Lemma deg_setID V A x : deg V x = #|nbhd V x :&: A| + #|nbhd V x :&: (V :\: A)|.
Proof.
rewrite /deg -(cardsID A (nbhd V x)); congr (_ + _).
by apply: eq_card => y; rewrite !inE; case: (y \in A); case: (y \in V); case: (adj x y).
Qed.

Lemma sum_card_nbhdI_sym V X Y : X \subset V -> Y \subset V ->
  \sum_(x in X) #|nbhd V x :&: Y| = \sum_(y in Y) #|nbhd V y :&: X|.
Proof.
move=> sXV sYV.
rewrite (eq_bigr (fun x => \sum_(y in Y) adj x y)); last first.
  by move=> x _; rewrite nbhdI_sub // card_set_predE.
rewrite [RHS](eq_bigr (fun y => \sum_(x in X) adj y x)); last first.
  by move=> y _; rewrite nbhdI_sub // card_set_predE.
by rewrite exchange_big /=; apply: eq_bigr => y _; apply: eq_bigr => x _; rewrite adjC.
Qed.

(* The drop in the degree sum when the vertices of S are deleted from V. *)
Definition deg_loss V S := \sum_(x in S) (deg V x + #|nbhd V x :&: (V :\: S)|).

Lemma sum_deg_setD V S : S \subset V ->
  \sum_(x in V) deg V x = \sum_(x in V :\: S) deg (V :\: S) x + deg_loss V S.
Proof.
move=> sSV; rewrite /deg_loss.
rewrite (big_setID S) /= (setIidPr sSV) big_split /= addnCA; congr (_ + _).
have degE x : deg V x = #|nbhd V x :&: S| + deg (V :\: S) x.
  rewrite (deg_setID V S x); congr (_ + _); apply: eq_card => y.
  by rewrite !inE; case: (y \in S); case: (y \in V); case: (adj x y).
rewrite (eq_bigr _ (fun x _ => degE x)) big_split /= addnC; congr (_ + _).
by rewrite sum_card_nbhdI_sym // subsetDl.
Qed.

Lemma handshake : \sum_(x in [set: 'I_p]) deg [set: 'I_p] x = 2 * #|G|.
Proof.
have degE x : deg [set: 'I_p] x = #|[set e in G | x \in e]|.
  have -> : [set e in G | x \in e] = (fun y => [set x; y]) @: nbhd [set: 'I_p] x.
    apply/setP => e; apply/idP/idP.
    - rewrite inE => /andP [eG xe].
      move/forall_inP: HG => /(_ e eG) /cards2P [a [b [ab Ee]]].
      move: xe; rewrite Ee !inE => /orP [/eqP xa | /eqP xb].
      + apply/imsetP; exists b; last by rewrite xa.
        by rewrite in_nbhd in_setT /adj xa -Ee.
      + apply/imsetP; exists a; last by rewrite xb setUC.
        by rewrite in_nbhd in_setT /adj xb setUC -Ee.
    - case/imsetP => y; rewrite in_nbhd in_setT /= => axy ->.
      by rewrite inE; apply/andP; split; [exact: axy | rewrite !inE eqxx].
  rewrite card_in_imset // => y1 y2; rewrite !in_nbhd !in_setT /= => a1 _ E.
  have : y1 \in [set x; y2] by rewrite -E !inE eqxx orbT.
  by rewrite !inE => /orP [/eqP y1x | /eqP //]; move: a1; rewrite y1x adjxx.
rewrite (eq_bigr _ (fun x _ => degE x)).
rewrite (eq_bigr (fun x => \sum_(e in G) (x \in e))); last first.
  by move=> x _; rewrite card_set_predE.
rewrite exchange_big /= mulnC -sum_nat_const; apply: eq_bigr => e eG.
rewrite -(card_set_predE [set: 'I_p] (mem e)).
rewrite (_ : [set y in [set: 'I_p] | y \in e] = e); last by apply/setP => y; rewrite !inE.
by move/forall_inP: HG => /(_ e eG) /eqP.
Qed.

End Neighbourhoods.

# # # # # # #

Could you transcribe the entries above word for word, from the line with "by rewrite !inE;" down to the line with "rewrite -(card_set_predE [set: 'I_p]", keeping both?

  by rewrite !inE; case: (y \in S); case: (y \in V); case: (adj x y).
rewrite (eq_bigr _ (fun x _ => degE x)) big_split /= addnC; congr (_ + _).
by rewrite sum_card_nbhdI_sym // subsetDl.
Qed.

Lemma handshake : \sum_(x in [set: 'I_p]) deg [set: 'I_p] x = 2 * #|G|.
Proof.
have degE x : deg [set: 'I_p] x = #|[set e in G | x \in e]|.
  have -> : [set e in G | x \in e] = (fun y => [set x; y]) @: nbhd [set: 'I_p] x.
    apply/setP => e; apply/idP/idP.
    - rewrite inE => /andP [eG xe].
      move/forall_inP: HG => /(_ e eG) /cards2P [a [b [ab Ee]]].
      move: xe; rewrite Ee !inE => /orP [/eqP xa | /eqP xb].
      + apply/imsetP; exists b; last by rewrite xa.
        by rewrite in_nbhd in_setT /adj xa -Ee.
      + apply/imsetP; exists a; last by rewrite xb setUC.
        by rewrite in_nbhd in_setT /adj xb setUC -Ee.
    - case/imsetP => y; rewrite in_nbhd in_setT /= => axy ->.
      by rewrite inE; apply/andP; split; [exact: axy | rewrite !inE eqxx].
  rewrite card_in_imset // => y1 y2; rewrite !in_nbhd !in_setT /= => a1 _ E.
  have : y1 \in [set x; y2] by rewrite -E !inE eqxx orbT.
  by rewrite !inE => /orP [/eqP y1x | /eqP //]; move: a1; rewrite y1x adjxx.
rewrite (eq_bigr _ (fun x _ => degE x)).
rewrite (eq_bigr (fun x => \sum_(e in G) (x \in e))); last first.
  by move=> x _; rewrite card_set_predE.
rewrite exchange_big /= mulnC -sum_nat_const; apply: eq_bigr => e eG.
rewrite -(card_set_predE [set: 'I_p] (mem e)).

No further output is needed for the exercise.